SQL Server Machine Learning and R Services (In-Database)
An in-database installation of machine learning operates within the context of a SQL Server database engine instance, providing R and Python external script support for resident data in your SQL Server instance. Because machine learning is integrated with SQL Server, you can keep analytics close to the data and eliminate the costs and security risks associated with data movement.
Because the database engine is multi-instance, you can install more than one instance of in-database analytics, or even older and newer versions side-by-side.

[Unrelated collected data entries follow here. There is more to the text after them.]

Lemma qa_reduction l : NoDup l -> (forall v, ~ X v <-> In v l) -> (exists u, Y u) ->
  removable_pair X \/
  (length l <> 5 /\ exists y t, prime_pair y t /\ exists Y', in_qa R (add2 X y t) Y').
Proof.
  intros hnd hl hY.
  destruct (qa_dichotomy l hY (fun v hv => proj1 (hl v) hv))
    as [[a [b [hab hiso]]]|[u [y [s [t [hu [hy [uy [hsu [hys [hyt [ntu hle]]]]]]]]]]]].
  - left; exists a, b; pose proof hab as (ha & hb & nab & _).
    refine (conj ha (conj hb (conj nab _))); apply isolated_prime_pair; auto.
  - right.
    assert (nuy : ~ prime_pair u y).
    { apply twins_not_prime_pair, (twins_sub X (addv X s)); [unfold addv; auto|].
      apply common_neighbour_twins; auto using prime_pair_sym. }
    assert (ut : u <> t) by (intros ->; exact (nuy (prime_pair_sym _ _ hyt))).
    split.
    + intro h5.
      assert (st : s <> t) by (intros ->; contradiction).
      assert (hk : NoDup [u; s; y; t]).
      { destruct hsu as (_ & _ & su & _), hys as (_ & _ & ys & _), hyt as (_ & _ & yt & _).
        repeat constructor; simpl; intuition congruence. }
      assert (hkl : incl [u; s; y; t] l).
      { intros w hw; apply hl; simpl in hw.
        destruct hw as [<-|[<-|[<-|[<-|[]]]]]; [apply hsu|apply hsu|apply hys|apply hyt]. }
      destruct (NoDup_extra _ l [u; s; y; t] hnd hk ltac:(simpl; lia) hkl) as [z [hz [hzk hall]]].
      simpl in hzk.
      apply (five_vertices_absurd u y s t z); auto; try (intros ->; tauto).
      * apply hl, hz.
      * intros w hw; apply hall, hl, hw.
    + exists y, t; split; auto.
      apply (qa_transfer y t u hu), (non_neighbour_cases y t u hyt (qa_not_in_X u hu));
        auto using prime_pair_sym.
Qed.

End QaClass.
End NoSmallPrimeExtension.

Lemma complement_addv (B : T -> Prop) l a :
  NoDup l -> (forall v, ~ B v <-> In v l) -> ~ B a ->
  exists l', NoDup l' /\ (forall v, ~ addv B a v <-> In v l') /\ length l = S (length l').
Proof.
  intros hnd hl ha.
  destruct (NoDup_remove_one _ l a hnd (proj1 (hl a) ha)) as [l' [hnd' [hin hlen]]].
  exists l'; split; auto; split; auto.
  intro v; rewrite hin, <- hl; unfold addv; tauto.
Qed.

Lemma removable_pair_sub (X B : T -> Prop) :
  (forall x, X x -> B x) -> removable_pair B -> removable_pair X.
Proof.
  intros hXB [v [w [hv [hw h]]]]; exists v, w; split; [|split]; auto; intro; auto.
Qed.
Lemma psd_conj d (E : 'M[C]_d) : psd E -> forall i j, E j i = conjc (E i j).
Proof.
move=> E_psd i j; apply: (@conjc_eq_of_form_ge0 (E i i) _ _ (E j j)).
- by have := E_psd (delta_mx i 0); rewrite form_delta.
- by have := E_psd (delta_mx j 0); rewrite form_delta.
- have := E_psd (delta_mx i 0 + 1 *: delta_mx j 0).
  by rewrite form_deltaD conjc1 !mul1r.
- by have := E_psd (delta_mx i 0 + 'i *: delta_mx j 0); rewrite form_deltaD.
Qed.

Local Open Scope sesquilinear_scope.

Lemma trmxC_adjmx d1 d2 (A : 'M[C]_(d1, d2)) : A ^t* = adjmx A.
Proof. by apply/matrixP => a b; rewrite !mxE. Qed.

Lemma psd_normalmx d (E : 'M[C]_d) : psd E -> E \is normalmx.
Proof.
move=> E_psd; have E_herm : E ^t* = E.
  by apply/matrixP => a b; rewrite trmxC_adjmx !mxE -psd_conj.
by apply/normalmxP; rewrite E_herm.
Qed.

Lemma conjmx_diag_form d (P Y : 'M[C]_d) i :
  let v := adjmx (row i P) in (P *m Y *m P ^t*) i i = (adjmx v *m Y *m v) 0 0.
Proof.
rewrite /= adjmxK -trmxC_adjmx.
have -> : (row i P) ^t* = col i (P ^t*) by apply/matrixP => a b; rewrite !mxE.
rewrite (colE i (P ^t*)) mulmxA -(colE i (row i P *m Y *m P ^t*)) -!row_mul.
by rewrite !mxE.
Qed.

Lemma psd_mxtrace_mul_ge0 d (X E : 'M[C]_d) : psd X -> psd E -> 0 <= \tr (X *m E).
Proof.
move=> X_psd E_psd; have /orthomx_spectralP E_spectral := psd_normalmx E_psd.
set P := spectralmx E in E_spectral; set D := spectral_diag E in E_spectral.
have P_unitary : P \is unitarymx := spectral_unitarymx E.
have invP : invmx P = P ^t* := invmx_unitary P_unitary.
have PPt : P *m P ^t* = 1%:M by apply/unitarymxP.
have PEP : P *m E *m P ^t* = diag_mx D.
  by rewrite E_spectral invP !mulmxA PPt mul1mx -!mulmxA PPt mulmx1.
rewrite E_spectral invP !mulmxA mxtrace_mulC !mulmxA mul_mx_diag /mxtrace.
apply: sumr_ge0 => k _; rewrite mxE; apply: mulr_ge0.
  by rewrite conjmx_diag_form; apply: X_psd.
have -> : D 0 k = (P *m E *m P ^t*) k k by rewrite PEP mxE eqxx mulr1n.
by rewrite conjmx_diag_form; apply: E_psd.
Qed.

Lemma born_ge0 d (X E : 'M[C]_d) : psd X -> psd E -> 0 <= born X E.
Proof.
by move=> X_psd E_psd; have := psd_mxtrace_mul_ge0 X_psd E_psd; rewrite lecE => /andP[].
Qed.

Lemma sum_born d m (X : 'M[C]_d) (M : 'I_m -> 'M[C]_d) :
  \tr X = 1 -> \sum_(k < m) M k = 1%:M -> \sum_(k < m) born X (M k) = 1.
Proof.
move=> trX M_sum; rewrite /born.
have Re_sum (r : seq 'I_m) (F : 'I_m -> C) :
    complex.Re (\sum_(k <- r) F k) = \sum_(k <- r) complex.Re (F k).
  exact: (raddf_sum (@complex.Re R : Rcomplex R -> R)).
by rewrite -Re_sum -raddf_sum /= -mulmx_sumr M_sum mulmx1 trX.
Qed.

Lemma outcome_distr_is_distr d m (rho : 'M[C]_d) (M : 'I_m -> 'M[C]_d) :
  is_state rho -> is_povm M -> is_distr (outcome_distr rho M).
Proof.
move=> [rho_psd rho_tr] [M_psd M_sum]; split => [k|]; first exact: born_ge0.
exact: sum_born.
Qed.

End born_rule.

Local Open Scope classical_set_scope.

Section tail_bounds.
Variables (R : realType) (d : measure_display) (T : measurableType d).
Implicit Types (g : T -> R) (t x : R).

Lemma measurable_superlevel g x :
  measurable_fun setT g -> measurable [set a | x <= g a].
Proof.
by move=> g_meas; rewrite -preimage_itvcy -[_ @^-1` _]setTI; exact: g_meas.
Qed.

Lemma measurable_strict_superlevel g x :
  measurable_fun setT g -> measurable [set a | x < g a].
Proof.
by move=> g_meas; rewrite -preimage_itvoy -[_ @^-1` _]setTI; exact: g_meas.
Qed.

Lemma measure_gt_le (mu : {measure set T -> \bar R}) g t (c : \bar R) :
  measurable_fun setT g -> (forall x, t < x -> (mu [set a | x <= g a]%R <= c)%E) ->
  (mu [set a | t < g a]%R <= c)%E.
Proof.
move=> g_meas g_tail.
pose F n := [set a | t + n.+1%:R^-1 <= g a].
have F_meas n : measurable (F n) by exact: measurable_superlevel.
have F_bigcup : \bigcup_n F n = [set a | t < g a].
  apply/seteqP; split => [a [n _ /=]|a /= t_lt].
    by apply: lt_le_trans; rewrite ltrDl invr_gt0.
  have [n n_gt] : exists n, (g a - t)^-1 < n.+1%:R.
    by exists (Num.truncn (g a - t)^-1); exact: truncnS_gt.
  exists n => //; rewrite /F /= -lerBrDl.
  by rewrite -[g a - t]invrK lef_pV2 ?posrE ?invr_gt0 ?subr_gt0 ?ltW.
have F_nd : nondecreasing_seq F.
  move=> n k n_le_k; apply/subsetPset => a /=; apply: le_trans.
  by rewrite lerD2l lef_pV2 ?posrE // ler_nat.
have F_cvg := @nondecreasing_cvg_mu _ _ _ mu F F_meas
  (bigcup_measurable (fun n _ => F_meas n)) F_nd.
rewrite -F_bigcup -(cvg_lim _ F_cvg) //; apply: lime_le; first exact: (cvgP _ F_cvg).
by apply: nearW => n; apply: g_tail; rewrite ltrDl invr_gt0.
Qed.

Lemma prob_forall_le (P : probability T R) m (f : 'I_m -> T -> R) t (c : R) :
  (forall k, measurable_fun setT (f k)) ->
  (forall k, (P [set a | t < f k a]%R <= c%:E)%E) ->
  measurable [set a | forall k, f k a <= t] /\
  ((1 - m%:R * c)%:E <= P [set a | forall k, f k a <= t]%R)%E.
Proof.
move=> f_meas f_tail; set A := [set a | forall k, f k a <= t].
(* Boole_inequality is stated for nat-indexed families. *)
pose B i := if insub i is Some k then [set a | t < f k a] else set0.
have B_meas i : measurable (B i).
  by rewrite /B; case: insub => [k|]; [exact: measurable_strict_superlevel|].
have AC : ~` A = \big[setU/set0]_(i < m) B i.
  rewrite -bigcup_mkord; apply/seteqP; split => a /=.
  - move=> /existsNP [k /negP]; rewrite -ltNge => tk.
    by exists (val k); rewrite /= ?ltn_ord // /B valK.
  - move=> [i /= im]; rewrite /B insubT /= => tk /(_ (Ordinal im)).
    by rewrite leNgt tk.
have A_meas : measurable A.
  by rewrite -(setCK A) AC; apply/measurableC/bigsetU_measurable => i _.
split => //; rewrite -(setCK A) probability_setC; last exact: measurableC.
rewrite AC.
have union_le : (P (\big[setU/set0]_(i < m) B i) <= (m%:R * c)%:E)%E.
  apply: le_trans (Boole_inequality P (fun i _ => B_meas i)) _.
  have -> : (m%:R * c)%:E = (\sum_(i < m) c%:E)%E.
    by rewrite sumEFin sumr_const card_ord mulr_natl.
  by apply: lee_sum => i _; rewrite /B valK; exact: f_tail.
by rewrite EFinB; apply: leeB.
Qed.
(* Let $\Sigma$ be an alphabet with $\sigma\ge2$ letters, let $k\ge4$ and $n=\sigma^{k-2}$. Let $S=s_1\cdots s_n$ be a cyclic de Bruijn sequence of order $k-2$ over $\Sigma$. Let $X$ be the string $S$ followed by its first $k$ characters $s_1\cdots s_k$. Indices are taken modulo $n$. For $i=1,\dots,n$: - let $y_i=s_i s_{i+1}\cdots s_{i+k-1}$ be the cyclic $k$-mer of $S$ starting at position $i$; - choose a letter $b_i\neq s_{i+k}$ and set $z_i=s_{i+1}\cdots s_{i+k-1}b_i$. Let $I=\{X\}\cup\{y_ib_i : 1\le i\le n\}$. Then: 1. The order-$k$ node-centric de Bruijn graph $G=(V,E)$ of $I$ has exactly the $2n$ nodes $y_1,\dots,y_n,z_1,\dots,z_n$ (all distinct), and its edges are exactly $(y_i,y_{i+1})$ and $(y_i,z_i)$ for $i=1,\dots,n$; that is, $G$ is a directed $n$-cycle with one out-degree-$0$ pendant node attached to each cycle node. 2. $F=E$ is a necklace cover of $G$ consisting of a single closed necklace with $N_O=0$ and $N_L=n$, whose necklace string has $2n$ letters and $2n$ parentheses, i.e. $4n$ symbols. 3. Every spectrum-preserving string set of $I$ without repetitions has weight at least $(k+1)n$, and weight $(k+1)n$ is attained. In particular, the necklace representation uses a fraction $4/(k+1)$ of the symbols of a minimum no-repetition SPSS.
   Context: A cyclic de Bruijn sequence of order $m$ over $\Sigma$ is a string $S$ of length $\sigma^m$ such that every string of length $m$ over $\Sigma$ occurs exactly once as a cyclic substring of $S$ (i.e. as a substring of the infinite periodic extension starting at one of the positions $1,\dots,|S|$). $\mathrm{spec}_k(I)$ denotes the set of length-$k$ substrings of strings in $I$. The order-$k$ node-centric de Bruijn graph of $I$ is $G=(V,E)$ with $V=\mathrm{spec}_k(I)$ and $(u,v)\in E$ iff the last $k-1$ characters of $u$ equal the first $k-1$ characters of $v$; the label of $(u,v)$ is the last character of $v$. A necklace cover is an edge set $F\subseteq E$ with every node of in-degree at most $1$ in $(V,F)$. Its necklaces are the weakly connected components of $(V,F)$. A necklace is closed if it has no node of in-degree $0$ in $(V,F)$, open otherwise. $N_O$ is the number of open necklaces, and $N_L=(\#\text{nodes of out-degree }0\text{ in }(V,F))-N_O$. The necklace string of a closed necklace with cycle $v_1\to\cdots\to v_c$ is formed as follows: - take one character per cycle node, namely the label of its entering edge; - immediately after the character of each cycle node $v$, insert $\mathtt{(}\mathrm{enc}(w)\mathtt{)}$ for each child $w$ of $v$ not on the cycle; - here $\mathrm{enc}(w)$ is the label of the edge entering $w$ when $w$ has no children. A spectrum-preserving string set (SPSS) of $I$ without repetitions is a finite set $S'$ of strings, each of length at least $k$, such that $\mathrm{spec}_k(S')=\mathrm{spec}_k(I)$ and each $k$-mer of $\mathrm{spec}_k(I)$ occurs exactly once in total among all occurrences in the strings of $S'$. Its weight is $\sum_{z\in S'}|z|$. *)

From mathcomp Require Import all_boot.
Set Implicit Arguments.
Unset Strict Implicit.
Unset Printing Implicit Defensive.
Lemma regular_cst c : regular (fun=> c).
Proof.
exists `|c|%R, 0%R; split=> //; split; first by move=> *; rewrite lexx.
by move=> l; rewrite mul0r addr0.
Qed.

Lemma regular_sum (I : Type) (r : seq I) (fs : I -> seq R -> R) :
  (forall j, regular (fs j)) -> regular (fun l => \sum_(j <- r) fs j l)%R.
Proof.
move=> rfs; elim: r => [|j r IH].
  by under eq_fun do rewrite big_nil; exact: regular_cst.
by under eq_fun do rewrite big_cons; exact: regular_add.
Qed.

Definition finite_bounded m s := forall f a b, (0 <= b)%R ->
  coord_nondecreasing f -> affinely_bounded f a b ->
  iexp F m s (fun l => (f l)%:E) = (rexpect m s f)%:E /\
  (`|rexpect m s f| <= a + b * \sum_(u < m) abs_mean (s + u))%R.

Definition monotone_on_size m s := forall f g, regular f -> regular g ->
  (forall l, size l = m -> f l <= g l)%R -> (rexpect m s f <= rexpect m s g)%R.

Definition rexpect_head m s f x := rexpect m s.+1 (fun l => f (x :: l)).

Section InductionStep.
Variables m s : nat.
Hypothesis lt_s_n : (s < n)%N.
Hypothesis fin_next : finite_bounded m s.+1.
Hypothesis mono_next : monotone_on_size m s.+1.

Lemma iexp_S_head {f a b} : (0 <= b)%R ->
  coord_nondecreasing f -> affinely_bounded f a b ->
  iexp F m.+1 s (fun l => (f l)%:E) = \int[F s]_x (rexpect_head m s f x)%:E.
Proof.
move=> hb mf bf /=; apply: eq_integral => x _.
by have [-> _] := fin_next _ _ _ hb (coord_nondecreasing_cons x mf) (affinely_bounded_cons x bf).
Qed.

Lemma norm_rexp_head_le {f a b} : (0 <= b)%R ->
  coord_nondecreasing f -> affinely_bounded f a b -> forall x,
  (`|rexpect_head m s f x| <= (a + b * \sum_(u < m) abs_mean (s.+1 + u)) + b * `|x|)%R.
Proof.
move=> hb mf bf x.
have [_] := fin_next _ _ _ hb (coord_nondecreasing_cons x mf) (affinely_bounded_cons x bf).
by move/le_trans; apply; rewrite addrAC.
Qed.

Lemma rexpect_head_nondecreasing {f} : regular f -> {homo rexpect_head m s f : x y / (x <= y)%R}.
Proof.
move=> rf x y xy; apply: mono_next; try exact: regular_cons.
have [a [b [_ [mf _]]]] := rf.
by move=> l _; apply: mf; rewrite /= xy all2_le_refl.
Qed.

Lemma measurable_rexp_head {f} : regular f ->
  measurable_fun setT (fun x => (rexpect_head m s f x)%:E).
Proof.
move=> rf; apply/measurable_EFinP.
exact: nondecreasing_measurable (rexpect_head_nondecreasing rf).
Qed.

Lemma integrable_rexp_head {f} : regular f ->
  (F s).-integrable setT (fun x => (rexpect_head m s f x)%:E).
Proof.
move=> rf; have [a [b [hb [mf bf]]]] := rf.
have [intB _] := integral_affine_abs (a + b * \sum_(u < m) abs_mean (s.+1 + u)) b lt_s_n.
apply: le_integrable intB => //; first exact: measurable_rexp_head.
move=> x _ /=; rewrite lee_fin; apply: le_trans (norm_rexp_head_le hb mf bf x) _.
exact: ler_norm.
Qed.

Lemma fin_num_integral_rexp_head {f} : regular f ->
  \int[F s]_x (rexpect_head m s f x)%:E \is a fin_num.
Proof. by move=> rf; exact: integrable_fin_num (integrable_rexp_head rf). Qed.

Choices include either SQL Server 2017 Machine Learning Services (In-Database) with R and Python, or SQL Server 2016 R Services (In-Database) with just R.
Machine learning components can also be installed as instance-agnostic standalone servers. Generally, we recommend that you treat (Standalone) and (In-Database) installations as mutually exclusive to avoid resource contention, but if you have sufficient resources, there are no prohibitions against installing them both on the same physical computer.
Choosing between in-database and standalone analytics
Understanding your development requirements can help you choose between (In-Database) and (Standalone) approaches. A standalone server is simpler to configure and manage if you want maximum flexibility in how it is used, or if you want to also connect to a variety of data sources outside of SQL Server.
In-database analytics are designed for deep integration with data within SQL Server. You can write T-SQL queries that call R or Python functions and execute the script in SQL Server Management Studio or any tool or app used for external or embedded T-SQL. If you need to run R or Python code in SQL Server, either by using stored procedures or by using the SQL Server instance as the compute context, you must install in-database analytics. This option provides maximum data security and integration with SQL Server tools.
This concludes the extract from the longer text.